The reply to the records below should contain exactly the lines from the line with "Verlinde formula. *)" through the line with "b) + a * mh2 - 2", and nothing besides.

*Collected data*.
#####

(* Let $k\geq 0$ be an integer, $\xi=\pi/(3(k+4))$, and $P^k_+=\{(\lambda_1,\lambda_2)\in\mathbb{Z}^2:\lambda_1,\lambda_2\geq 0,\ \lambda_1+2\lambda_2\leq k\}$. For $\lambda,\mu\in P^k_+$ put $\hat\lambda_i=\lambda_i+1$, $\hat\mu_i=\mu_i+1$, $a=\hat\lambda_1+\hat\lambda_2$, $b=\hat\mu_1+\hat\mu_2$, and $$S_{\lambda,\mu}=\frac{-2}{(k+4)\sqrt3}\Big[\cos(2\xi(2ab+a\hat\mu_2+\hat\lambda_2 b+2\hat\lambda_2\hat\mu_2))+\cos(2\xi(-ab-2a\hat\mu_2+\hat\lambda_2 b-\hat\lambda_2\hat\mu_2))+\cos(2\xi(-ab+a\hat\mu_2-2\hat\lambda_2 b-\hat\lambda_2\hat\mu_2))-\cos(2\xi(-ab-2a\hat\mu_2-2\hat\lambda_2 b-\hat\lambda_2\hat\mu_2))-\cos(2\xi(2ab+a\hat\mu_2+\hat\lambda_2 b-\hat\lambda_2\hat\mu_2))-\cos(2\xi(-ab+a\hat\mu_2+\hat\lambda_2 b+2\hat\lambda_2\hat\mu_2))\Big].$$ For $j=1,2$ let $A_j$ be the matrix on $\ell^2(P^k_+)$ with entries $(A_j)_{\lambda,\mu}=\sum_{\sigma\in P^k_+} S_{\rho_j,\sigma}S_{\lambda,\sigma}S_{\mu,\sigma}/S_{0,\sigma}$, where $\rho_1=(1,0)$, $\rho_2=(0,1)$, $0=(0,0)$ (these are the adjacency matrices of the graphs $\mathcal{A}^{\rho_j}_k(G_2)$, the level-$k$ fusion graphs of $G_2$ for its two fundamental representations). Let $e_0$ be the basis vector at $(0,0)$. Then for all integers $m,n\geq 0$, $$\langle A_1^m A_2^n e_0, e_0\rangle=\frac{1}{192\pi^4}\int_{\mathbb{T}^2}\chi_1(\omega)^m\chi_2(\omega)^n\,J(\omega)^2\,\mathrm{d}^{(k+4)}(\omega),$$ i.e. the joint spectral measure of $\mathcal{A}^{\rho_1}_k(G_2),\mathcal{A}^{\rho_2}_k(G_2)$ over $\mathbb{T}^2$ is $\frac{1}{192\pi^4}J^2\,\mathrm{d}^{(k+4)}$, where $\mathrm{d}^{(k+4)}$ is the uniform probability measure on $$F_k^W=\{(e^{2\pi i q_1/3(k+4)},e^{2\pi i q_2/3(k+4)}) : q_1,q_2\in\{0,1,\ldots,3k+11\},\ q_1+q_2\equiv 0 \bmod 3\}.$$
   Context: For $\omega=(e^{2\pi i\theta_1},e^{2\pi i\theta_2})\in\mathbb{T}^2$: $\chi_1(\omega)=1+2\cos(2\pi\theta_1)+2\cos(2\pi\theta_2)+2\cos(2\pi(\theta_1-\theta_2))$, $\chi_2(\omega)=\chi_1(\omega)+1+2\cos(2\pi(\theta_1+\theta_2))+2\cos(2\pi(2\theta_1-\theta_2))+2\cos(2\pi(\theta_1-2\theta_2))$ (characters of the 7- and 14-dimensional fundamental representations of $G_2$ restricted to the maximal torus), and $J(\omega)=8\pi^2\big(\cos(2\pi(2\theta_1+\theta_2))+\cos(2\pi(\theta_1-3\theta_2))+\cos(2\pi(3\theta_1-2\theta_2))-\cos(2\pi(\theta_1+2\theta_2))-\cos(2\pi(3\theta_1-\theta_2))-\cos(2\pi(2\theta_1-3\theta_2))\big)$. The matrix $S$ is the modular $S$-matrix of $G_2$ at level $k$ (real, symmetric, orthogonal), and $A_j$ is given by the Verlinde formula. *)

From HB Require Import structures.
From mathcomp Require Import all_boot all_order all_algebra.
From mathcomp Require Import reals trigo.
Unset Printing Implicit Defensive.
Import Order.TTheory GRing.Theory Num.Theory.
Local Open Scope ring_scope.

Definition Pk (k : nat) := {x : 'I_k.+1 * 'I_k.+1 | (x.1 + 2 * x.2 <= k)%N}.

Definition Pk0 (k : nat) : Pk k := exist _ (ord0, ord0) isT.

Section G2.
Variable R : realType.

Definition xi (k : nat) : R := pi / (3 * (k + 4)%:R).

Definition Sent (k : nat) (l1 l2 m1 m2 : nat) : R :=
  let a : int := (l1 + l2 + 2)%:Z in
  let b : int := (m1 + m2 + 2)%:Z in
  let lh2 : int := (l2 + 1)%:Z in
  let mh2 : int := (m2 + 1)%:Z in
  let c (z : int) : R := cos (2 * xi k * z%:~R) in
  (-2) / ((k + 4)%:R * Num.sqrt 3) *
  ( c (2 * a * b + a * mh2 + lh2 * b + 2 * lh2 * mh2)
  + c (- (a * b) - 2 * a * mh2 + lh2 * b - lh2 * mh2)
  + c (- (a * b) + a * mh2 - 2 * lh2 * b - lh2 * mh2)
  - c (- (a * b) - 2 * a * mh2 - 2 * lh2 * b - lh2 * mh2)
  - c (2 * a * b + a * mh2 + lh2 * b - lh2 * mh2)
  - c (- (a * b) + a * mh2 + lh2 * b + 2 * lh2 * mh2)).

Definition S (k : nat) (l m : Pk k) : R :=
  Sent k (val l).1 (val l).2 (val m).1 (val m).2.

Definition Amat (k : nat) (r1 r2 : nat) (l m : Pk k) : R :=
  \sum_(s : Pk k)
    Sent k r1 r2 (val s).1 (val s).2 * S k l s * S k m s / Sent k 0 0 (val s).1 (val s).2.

#####

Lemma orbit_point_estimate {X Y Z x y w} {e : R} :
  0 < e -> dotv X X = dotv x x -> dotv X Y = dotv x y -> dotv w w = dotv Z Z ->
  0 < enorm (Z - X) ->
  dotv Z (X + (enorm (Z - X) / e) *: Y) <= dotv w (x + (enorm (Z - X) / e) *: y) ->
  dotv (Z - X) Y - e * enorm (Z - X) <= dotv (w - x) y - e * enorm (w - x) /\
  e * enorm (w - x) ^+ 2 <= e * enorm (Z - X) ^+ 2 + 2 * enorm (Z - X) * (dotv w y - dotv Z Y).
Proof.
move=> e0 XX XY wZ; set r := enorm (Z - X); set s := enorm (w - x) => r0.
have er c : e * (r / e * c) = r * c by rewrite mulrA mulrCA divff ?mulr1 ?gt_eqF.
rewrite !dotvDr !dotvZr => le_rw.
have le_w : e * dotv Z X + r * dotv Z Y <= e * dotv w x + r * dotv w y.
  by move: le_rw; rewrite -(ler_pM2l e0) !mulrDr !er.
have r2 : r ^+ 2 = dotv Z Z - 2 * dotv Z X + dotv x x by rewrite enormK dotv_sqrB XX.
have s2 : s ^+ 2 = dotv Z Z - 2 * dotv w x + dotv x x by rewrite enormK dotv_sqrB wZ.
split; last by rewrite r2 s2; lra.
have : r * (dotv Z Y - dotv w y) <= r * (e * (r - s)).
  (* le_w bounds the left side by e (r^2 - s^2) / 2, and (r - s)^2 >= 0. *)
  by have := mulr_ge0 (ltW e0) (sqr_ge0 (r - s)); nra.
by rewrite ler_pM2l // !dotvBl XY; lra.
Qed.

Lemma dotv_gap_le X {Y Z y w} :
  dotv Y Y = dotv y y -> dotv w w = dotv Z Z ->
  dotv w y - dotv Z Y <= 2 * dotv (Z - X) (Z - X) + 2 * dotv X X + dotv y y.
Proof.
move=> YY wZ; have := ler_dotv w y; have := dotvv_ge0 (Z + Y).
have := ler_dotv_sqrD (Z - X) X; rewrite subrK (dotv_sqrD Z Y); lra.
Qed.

#####

*Task result*.
   Context: For $\omega=(e^{2\pi i\theta_1},e^{2\pi i\theta_2})\in\mathbb{T}^2$: $\chi_1(\omega)=1+2\cos(2\pi\theta_1)+2\cos(2\pi\theta_2)+2\cos(2\pi(\theta_1-\theta_2))$, $\chi_2(\omega)=\chi_1(\omega)+1+2\cos(2\pi(\theta_1+\theta_2))+2\cos(2\pi(2\theta_1-\theta_2))+2\cos(2\pi(\theta_1-2\theta_2))$ (characters of the 7- and 14-dimensional fundamental representations of $G_2$ restricted to the maximal torus), and $J(\omega)=8\pi^2\big(\cos(2\pi(2\theta_1+\theta_2))+\cos(2\pi(\theta_1-3\theta_2))+\cos(2\pi(3\theta_1-2\theta_2))-\cos(2\pi(\theta_1+2\theta_2))-\cos(2\pi(3\theta_1-\theta_2))-\cos(2\pi(2\theta_1-3\theta_2))\big)$. The matrix $S$ is the modular $S$-matrix of $G_2$ at level $k$ (real, symmetric, orthogonal), and $A_j$ is given by the Verlinde formula. *)

From HB Require Import structures.
From mathcomp Require Import all_boot all_order all_algebra.
From mathcomp Require Import reals trigo.
Unset Printing Implicit Defensive.
Import Order.TTheory GRing.Theory Num.Theory.
Local Open Scope ring_scope.

Definition Pk (k : nat) := {x : 'I_k.+1 * 'I_k.+1 | (x.1 + 2 * x.2 <= k)%N}.

Definition Pk0 (k : nat) : Pk k := exist _ (ord0, ord0) isT.

Section G2.
Variable R : realType.

Definition xi (k : nat) : R := pi / (3 * (k + 4)%:R).

Definition Sent (k : nat) (l1 l2 m1 m2 : nat) : R :=
  let a : int := (l1 + l2 + 2)%:Z in
  let b : int := (m1 + m2 + 2)%:Z in
  let lh2 : int := (l2 + 1)%:Z in
  let mh2 : int := (m2 + 1)%:Z in
  let c (z : int) : R := cos (2 * xi k * z%:~R) in
  (-2) / ((k + 4)%:R * Num.sqrt 3) *
  ( c (2 * a * b + a * mh2 + lh2 * b + 2 * lh2 * mh2)
  + c (- (a * b) - 2 * a * mh2 + lh2 * b - lh2 * mh2)
  + c (- (a * b) + a * mh2 - 2 * lh2 * b - lh2 * mh2)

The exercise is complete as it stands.